ACTIVITY: In the listing below, the lines starting with the line with "odflt set0 [pick" and going on through the line with "have /forallP/(_ (private_cut" are to be reproduced exactly, and only those.
....................
(* Let $G=(V,E)$ be a connected graph with positive edge costs $c:E\to\mathbb{R}_+$, let $\alpha\ge1$, and let $(U,\complement{U})$ be an $\alpha$-approximate minimum cut of $G$. Let $\mathcal{C}=\{Q\subsetneq V:\complement{U}\subsetneq Q,\ d(Q)\le d(U)\}$ and suppose $\mathcal{C}\ne\emptyset$. Let $S\subseteq U$ be a minimal (with respect to inclusion) set such that $S\cap Q\ne\emptyset$ for all $Q\in\mathcal{C}$. Then $|S|\le\lfloor 2\alpha\rfloor+1$.
   Context: A cut is a partition of $V$ into two non-empty parts; for $\emptyset\ne U\subsetneq V$ write $\complement{U}=V\setminus U$ and $d(U)$ for the total cost of edges with exactly one endpoint in $U$. Let $\lambda=\min\{d(U):\emptyset\ne U\subsetneq V\}$; $(U,\complement{U})$ is an $\alpha$-approximate minimum cut if $d(U)\le\alpha\lambda$. *)

From HB Require Import structures.
From mathcomp Require Import all_boot all_order all_algebra.
Set Implicit Arguments. Unset Strict Implicit. Unset Printing Implicit Defensive.
Import Order.TTheory GRing.Theory Num.Theory.
Local Open Scope ring_scope.

Definition weighted_graph (R : realFieldType) (V : finType) (e : rel V)
    (c : V -> V -> R) : Prop :=
  [/\ symmetric e, irreflexive e,
      (forall x y, c x y = c y x) & (forall x y, e x y -> 0 < c x y)].

Definition connected_graph (V : finType) (e : rel V) : Prop :=
  forall x y : V, connect e x y.

(* d(U): total cost of edges with exactly one endpoint in U
   (each such edge {x,y} is counted once, via its endpoint x in U). *)
Definition dcut (R : realFieldType) (V : finType) (e : rel V)
    (c : V -> V -> R) (U : {set V}) : R :=
  \sum_(x in U) \sum_(y in ~: U | e x y) c x y.

Definition is_cut (V : finType) (U : {set V}) : bool :=
  (U != set0) && (U != setT).

(* (U, ~U) is an alpha-approximate minimum cut: d(U) <= alpha * lambda,
   where lambda is the minimum of d over cuts (unfolded: d(U) <= alpha d(W)
   for every cut W). *)
Definition approx_min_cut (R : realFieldType) (V : finType) (e : rel V)
    (c : V -> V -> R) (alpha : R) (U : {set V}) : Prop :=
  is_cut U /\ forall W : {set V}, is_cut W -> dcut e c U <= alpha * dcut e c W.

Definition inC (R : realFieldType) (V : finType) (e : rel V)
    (c : V -> V -> R) (U Q : {set V}) : bool :=
  [&& Q \proper setT, (~: U) \proper Q & dcut e c Q <= dcut e c U].

Definition hitsC (R : realFieldType) (V : finType) (e : rel V)
    (c : V -> V -> R) (U S : {set V}) : bool :=
  [forall Q : {set V}, inC e c U Q ==> (S :&: Q != set0)].

(* Minimality of S gives, for each s in S, a cut Q_s in C with Q_s :&: S = {s}.
   Label each vertex u by missed(u) = {s in S | u \notin Q_s}: the label is empty
   outside U and is S :\ s at s in S.  The sets X_i = {u : |missed(u)| <= i},
   i < |S| - 2, contain ~U and avoid S, so as S hits C, d(X_i) >= d(U); the sets
   Y_s = {u : missed(u) = S :\ s} are cuts, so d(U) <= alpha d(Y_s).  Edge by
   edge, the X_i and Y_s separate the endpoints no more often than the Q_s do, so
     sum_s d(Y_s) + sum_i d(X_i) <= sum_s d(Q_s) <= |S| d(U).
   Hence sum_s d(Y_s) <= 2 d(U) and |S| d(U) <= 2 alpha d(U). *)

From HB Require Import structures.
From mathcomp Require Import all_boot all_order all_algebra.
From mathcomp Require Import zify lra.
Import Order.TTheory GRing.Theory Num.Theory.
Set Implicit Arguments. Unset Strict Implicit.

Lemma sum_ord_leq_neq (n a b : nat) :
  \sum_(i < n) ((a <= i) != (b <= i) : nat)
  = maxn (minn a n) (minn b n) - minn (minn a n) (minn b n).
Proof.
elim: n => [|n IH]; first by rewrite big_ord0; lia.
by rewrite big_ord_recr /= IH; case: (leqP a n); case: (leqP b n) => /=; lia.
Qed.

Section SetCounting.
Variable V : finType.
Implicit Types S A B : {set V}.

Lemma sum_mem_card S A : A \subset S -> \sum_(s in S) (s \in A : nat) = #|A|.
Proof.
move=> sAS; rewrite -{2}(setIidPr sAS) -sum1_card big_mkcond [RHS]big_mkcond /=.
by apply: eq_bigr => s _; rewrite inE; case: (s \in S); case: (s \in A).
Qed.

Lemma sum_mem_neq S A B : A \subset S -> B \subset S ->
  \sum_(s in S) ((s \in A) != (s \in B) : nat) = #|A :\: B| + #|B :\: A|.
Proof.
move=> sAS sBS; rewrite -!(@sum_mem_card S) ?(subset_trans (subsetDl _ _)) //.
rewrite -big_split /=; apply: eq_bigr => s _.
by rewrite !inE; case: (s \in A); case: (s \in B).
Qed.

Lemma sum_eq_setD1_le S A :
  \sum_(s in S) (A == S :\ s : nat) <= (#|A|.+1 == #|S|).
Proof.
case: (boolP [exists s in S, A == S :\ s]) => [|/exists_inPn noD1].
  case/exists_inP=> s0 s0S /eqP ->; rewrite (bigD1 s0) //= eqxx big1 => [|t /andP [tS ts0]].
    by rewrite [#|S|](cardsD1 s0) s0S add1n eqxx.
  case: eqP => // /setP/(_ t).
  by rewrite !inE eqxx tS ts0.
by rewrite big1 // => s sS; rewrite (negbTE (noD1 s sS)).
Qed.

Lemma sum_level_sep_le S A B : A \subset S -> B \subset S ->
  \sum_(s in S) ((A == S :\ s) != (B == S :\ s) : nat)
  + \sum_(i < #|S| - 2) ((#|A| <= i) != (#|B| <= i) : nat)
  <= \sum_(s in S) ((s \in A) != (s \in B) : nat).
Proof.
move=> sAS sBS; have [-> | neqAB] := eqVneq A B.
  by rewrite !big1 // => *; rewrite eqxx.
have sep_gt0 : 0 < #|A :\: B| + #|B :\: A|.
  rewrite addn_gt0 !card_gt0 !setD_eq0 -negb_and -eqEsubset; exact: neqAB.
have top_le : \sum_(s in S) ((A == S :\ s) != (B == S :\ s) : nat)
              <= (#|A|.+1 == #|S|) + (#|B|.+1 == #|S|).
  apply: leq_trans (leq_add (sum_eq_setD1_le S A) (sum_eq_setD1_le S B)).
  by rewrite -big_split; apply: leq_sum => s _; case: (A == _); case: (B == _).
rewrite sum_ord_leq_neq sum_mem_neq //.
have := cardsID B A; have := cardsID A B; rewrite setIC.
have := subset_leq_card sAS; have := subset_leq_card sBS.
lia.
Qed.

Lemma minset_setD1 (P : pred {set V}) A x : minset P A -> x \in A -> ~~ P (A :\ x).
Proof.
move=> /minsetP [_ A_min] xA; apply/negP => /A_min/(_ (subsetDl _ _))/setP/(_ x).
by rewrite !inE eqxx xA.
Qed.
End SetCounting.

Local Open Scope ring_scope.

Section Cuts.
Variables (R : realFieldType) (V : finType) (e : rel V) (c : V -> V -> R).
Hypotheses (e_sym : symmetric e) (c_sym : forall x y, c x y = c y x).
Hypothesis c_gt0 : forall x y, e x y -> 0 < c x y.

Definition edge_cost x y : R := if e x y then c x y else 0.

Lemma edge_cost_ge0 x y : 0 <= edge_cost x y.
Proof. by rewrite /edge_cost; case: ifP => // /c_gt0/ltW. Qed.

Lemma dcut_edge_cost X :
  dcut e c X = \sum_x \sum_y edge_cost x y *+ ((x \in X) && (y \notin X)).
Proof.
rewrite /dcut big_mkcond; apply: eq_bigr => x _; case: (x \in X); last by rewrite big1.
by rewrite big_mkcond; apply: eq_bigr => y _; rewrite inE /edge_cost; case: (e x y); case: (y \in X).
Qed.

Lemma dcut_sep X :
  dcut e c X *+ 2 = \sum_x \sum_y edge_cost x y *+ ((x \in X) != (y \in X)).
Proof.
rewrite mulr2n {1}dcut_edge_cost dcut_edge_cost [in RHS in _ + RHS]exchange_big -big_split.
apply: eq_bigr => x _; rewrite -big_split /=; apply: eq_bigr => y _.
rewrite /edge_cost e_sym c_sym -mulrnDr.
by case: (x \in X); case: (y \in X).
Qed.

Lemma dcutC X : dcut e c (~: X) = dcut e c X.
Proof.
apply/eqP; rewrite -[_ == _](eqrMn2r 2) !dcut_sep; apply/eqP; apply: eq_bigr => x _; apply: eq_bigr => y _.
by rewrite !inE; case: (x \in X); case: (y \in X).
Qed.

Definition nsep (I : finType) (P : pred I) (F : I -> {set V}) x y : nat :=
  \sum_(i | P i) ((x \in F i) != (y \in F i)).

Lemma sum_dcut_nsep (I : finType) (P : pred I) (F : I -> {set V}) :
  (\sum_(i | P i) dcut e c (F i)) *+ 2 = \sum_x \sum_y edge_cost x y *+ nsep P F x y.
Proof.
rewrite -sumrMnl (eq_bigr _ (fun i _ => dcut_sep (F i))) exchange_big; apply: eq_bigr => x _.
by rewrite exchange_big; apply: eq_bigr => y _; rewrite sumrMnr.
Qed.

Lemma dcut_gt0 X : connected_graph e -> is_cut X -> 0 < dcut e c X.
Proof.
move=> conn /andP [/set0Pn [x xX] ntX].
have /subsetPn [y _ yX] : ~~ (setT \subset X) by rewrite subTset.
have [[x' y'] /= /and3P [x'X y'X ex'y'] | no_cross] :=
  pickP [pred p : V * V | [&& p.1 \in X, p.2 \notin X & e p.1 p.2]]; last first.
  have closedX : closed e X.
    move=> u v euv; have := no_cross (u, v); have := no_cross (v, u); rewrite /= e_sym euv.
    by case: (u \in X); case: (v \in X).
  by move: yX; rewrite -(closed_connect closedX (conn x y)) xX.
rewrite /dcut (bigD1 x') //= (bigD1 y') /=; last by rewrite inE y'X ex'y'.
apply: lt_le_trans (c_gt0 ex'y') _; rewrite -addrA lerDl addr_ge0 //.
  by apply: sumr_ge0 => v /andP [/andP [_ /c_gt0/ltW]].
by apply: sumr_ge0 => u _; apply: sumr_ge0 => v /andP [_ /c_gt0/ltW].
Qed.
End Cuts.

Section MinimalHittingSet.
Variables (R : realFieldType) (V : finType) (e : rel V) (c : V -> V -> R).
Variables (alpha : R) (U S : {set V}).
Hypotheses (e_sym : symmetric e) (c_sym : forall x y, c x y = c y x).
Hypothesis c_gt0 : forall x y, e x y -> 0 < c x y.
Hypothesis e_connected : connected_graph e.
Hypothesis U_approx : approx_min_cut e c alpha U.
Hypotheses (S_sub_U : S \subset U) (S_hits : hitsC e c U S).
Hypothesis S_minimal : forall s, s \in S -> ~~ hitsC e c U (S :\ s).

Definition private_cut s : {set V} :=
  odflt set0 [pick Q | inC e c U Q && ((S :\ s) :&: Q == set0)].

Lemma private_cutP s : s \in S ->
  inC e c U (private_cut s) /\ (S :\ s) :&: private_cut s = set0.
Proof.
move=> sS; rewrite /private_cut; case: pickP => [Q /andP [QC /eqP //] | noQ].
have /forallPn [Q] := S_minimal sS; rewrite negb_imply negbK => /andP [QC QsS].
by have := noQ Q; rewrite QC QsS.
Qed.

Lemma mem_private_cut s t : s \in S -> t \in S -> (t \in private_cut s) = (t == s).
Proof.
move=> sS tS; have [QC /setP disj] := private_cutP sS.
have [-> | ts] := eqVneq t s; last by have := disj t; rewrite !inE ts tS /=.
have /forallP/(_ (private_cut s)) := S_hits; rewrite QC => /set0Pn [u].
rewrite inE => /andP [uS uQ]; have := disj u; rewrite !inE uS uQ !andbT.
by move: uQ; case: eqP => [-> |].
Qed.

Lemma compl_sub_private_cut s : s \in S -> ~: U \subset private_cut s.
Proof. by case/private_cutP => /and3P [_ /properP [] //]. Qed.

Definition missed u := [set t in S | u \notin private_cut t].

Lemma missed_sub u : missed u \subset S.
Proof. by apply/subsetP => t; rewrite inE => /andP []. Qed.

Lemma missed_S s : s \in S -> missed s = S :\ s.
Proof.
move=> sS; apply/setP => t; rewrite !inE.
by case tS: (t \in S); rewrite ?andbF // mem_private_cut // eq_sym andbT.
Qed.

Lemma missed_out v : v \notin U -> missed v = set0.
Proof.
move=> vU; apply/setP => t; rewrite !inE; case tS: (t \in S) => //=.
by rewrite (subsetP (compl_sub_private_cut tS)) // inE.
Qed.

Definition missed_eq s := [set u | missed u == S :\ s].

Definition missed_le (i : nat) := [set u | #|missed u| <= i]%N.

Lemma nsep_missed_le x y :
  (nsep (fun s => s \in S) missed_eq x y + nsep xpredT (fun i : 'I_(#|S| - 2) => missed_le i) x y
  <= nsep (fun s => s \in S) private_cut x y)%N.
Proof.
have -> : nsep (fun s => s \in S) private_cut x y
          = (\sum_(s in S) ((s \in missed x) != (s \in missed y)))%N.
  by apply: eq_bigr => s sS; rewrite !inE sS; case: (x \in _); case: (y \in _).
rewrite /nsep; under eq_bigr do rewrite !inE; under [X in (_ + X)%N]eq_bigr do rewrite !inE.
exact: sum_level_sep_le (missed_sub x) (missed_sub y).
Qed.

Lemma sum_dcut_missed_le :
  \sum_(s in S) dcut e c (missed_eq s) + \sum_(i < #|S| - 2) dcut e c (missed_le i)
  <= \sum_(s in S) dcut e c (private_cut s).
Proof.
rewrite -(ler_pMn2r (isT : 0 < 2)%N) mulrnDl !sum_dcut_nsep // -big_split /=.
apply: ler_sum => x _; rewrite -big_split /=; apply: ler_sum => y _.
by rewrite -mulrnDr ler_wpMn2l ?edge_cost_ge0 ?nsep_missed_le.
Qed.

Lemma dcut_private_cut_le s : s \in S -> dcut e c (private_cut s) <= dcut e c U.
Proof. by case/private_cutP => /and3P []. Qed.

Lemma dcut_missed_le_ge i : (i < #|S| - 2)%N -> dcut e c U <= dcut e c (missed_le i).
Proof.
move=> ilt; have S_out s : s \in S -> s \notin missed_le i.
  by move=> sS; rewrite inE missed_S // -ltnNge; have := cardsD1 s S; rewrite sS; lia.
have complU_sub : ~: U \subset missed_le i.
  by apply/subsetP => v; rewrite !inE => /missed_out ->; rewrite cards0.
have [<- | complU_neq] := eqVneq (~: U) (missed_le i); first by rewrite dcutC.
rewrite leNgt; apply/negP => lt_dU.
have [s sS] : exists s, s \in S by apply/set0Pn; rewrite -card_gt0; lia.
have : inC e c U (missed_le i).
  rewrite /inC properT properEneq complU_neq complU_sub (ltW lt_dU) !andbT.
  by apply: contraNneq (S_out s sS) => ->; rewrite inE.
move/(implyP (forallP S_hits _))/set0Pn => [u]; rewrite inE => /andP [uS].
by rewrite (negbTE (S_out u uS)).
Qed.

Lemma dcut_missed_eq_ge s : (1 < #|S|)%N -> s \in S ->
  dcut e c U <= alpha * dcut e c (missed_eq s).
Proof.
move=> S_gt1 sS; have [[U_n0 U_nT] U_min] := (andP U_approx.1, U_approx.2).
apply: U_min; apply/andP; split.
  by apply/set0Pn; exists s; rewrite inE missed_S.
have /subsetPn [v _ vU] : ~~ (setT \subset U) by rewrite subTset.
apply/eqP => /setP/(_ v); rewrite !inE missed_out // eq_sym -cards_eq0.
by have := cardsD1 s S; rewrite sS; lia.
Qed.

Theorem card_minimal_hitting_set_le : 1 <= alpha -> #|S|%:R <= 2 * alpha.
Proof.
move=> alpha_ge1; have [S_le2 | S_gt2] := leqP #|S| 2.
  by apply: le_trans (_ : 2%:R <= _); [rewrite ler_nat | lra].
set k := #|S| in S_gt2 *; set dU := dcut e c U.
have dU_gt0 : 0 < dU := dcut_gt0 e_sym c_gt0 e_connected U_approx.1.
have sum_private : \sum_(s in S) dcut e c (private_cut s) <= k%:R * dU.
  by rewrite mulr_natl -sumr_const; apply: ler_sum => s; apply: dcut_private_cut_le.
have sum_levels : (k%:R - 2) * dU <= \sum_(i < k - 2) dcut e c (missed_le i).
  rewrite -natrB 1?ltnW // mulr_natl -{1}[(k - 2)%N]card_ord -sumr_const.
  by apply: ler_sum => i _; apply: dcut_missed_le_ge.
have sum_tops : k%:R * dU <= alpha * \sum_(s in S) dcut e c (missed_eq s).
  rewrite [alpha * _]mulr_sumr mulr_natl -sumr_const; apply: ler_sum => s sS.
  by apply: dcut_missed_eq_ge; rewrite // ltnW.
have sum_tops_le : \sum_(s in S) dcut e c (missed_eq s) <= 2 * dU.
  by have := sum_dcut_missed_le; lra.
have : k%:R * dU <= 2 * alpha * dU.
  apply: le_trans sum_tops _; rewrite -mulrA mulrCA.
  by apply: ler_wpM2l => //; lra.
by rewrite ler_pM2r.
Qed.
End MinimalHittingSet.

Unset Implicit Arguments.

Theorem lemma2p3 (R : archiRealFieldType) (V : finType) (e : rel V) (c : V -> V -> R)
    (alpha : R) (U S : {set V}) :
  weighted_graph e c ->
  connected_graph e ->
  1 <= alpha ->
  approx_min_cut e c alpha U ->
  (exists Q : {set V}, inC e c U Q) ->
  minset (fun S' : {set V} => (S' \subset U) && hitsC e c U S') S ->
  (#|S|%:Z <= Num.floor (2 * alpha) + 1)%R.
Proof.
move=> [e_sym _ c_sym c_gt0] e_conn alpha_ge1 U_approx _ S_min.
have /andP [S_sub_U S_hits] := minsetp S_min.
have S_minimal s : s \in S -> ~~ hitsC e c U (S :\ s).
  by move=> sS; have := minset_setD1 S_min sS; rewrite (subset_trans (subsetDl _ _) S_sub_U).
have := card_minimal_hitting_set_le e_sym c_sym c_gt0 e_conn U_approx S_sub_U S_hits S_minimal alpha_ge1.
rewrite -[#|S|%:R]/((#|S|%:Z)%:~R) -floor_ge_int.
by move/le_trans; apply; rewrite lerDl.
Qed.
....................
RESULT:
  odflt set0 [pick Q | inC e c U Q && ((S :\ s) :&: Q == set0)].

Lemma private_cutP s : s \in S ->
  inC e c U (private_cut s) /\ (S :\ s) :&: private_cut s = set0.
Proof.
move=> sS; rewrite /private_cut; case: pickP => [Q /andP [QC /eqP //] | noQ].
have /forallPn [Q] := S_minimal sS; rewrite negb_imply negbK => /andP [QC QsS].
by have := noQ Q; rewrite QC QsS.
Qed.

Lemma mem_private_cut s t : s \in S -> t \in S -> (t \in private_cut s) = (t == s).
Proof.
move=> sS tS; have [QC /setP disj] := private_cutP sS.
have [-> | ts] := eqVneq t s; last by have := disj t; rewrite !inE ts tS /=.
have /forallP/(_ (private_cut s)) := S_hits; rewrite QC => /set0Pn [u].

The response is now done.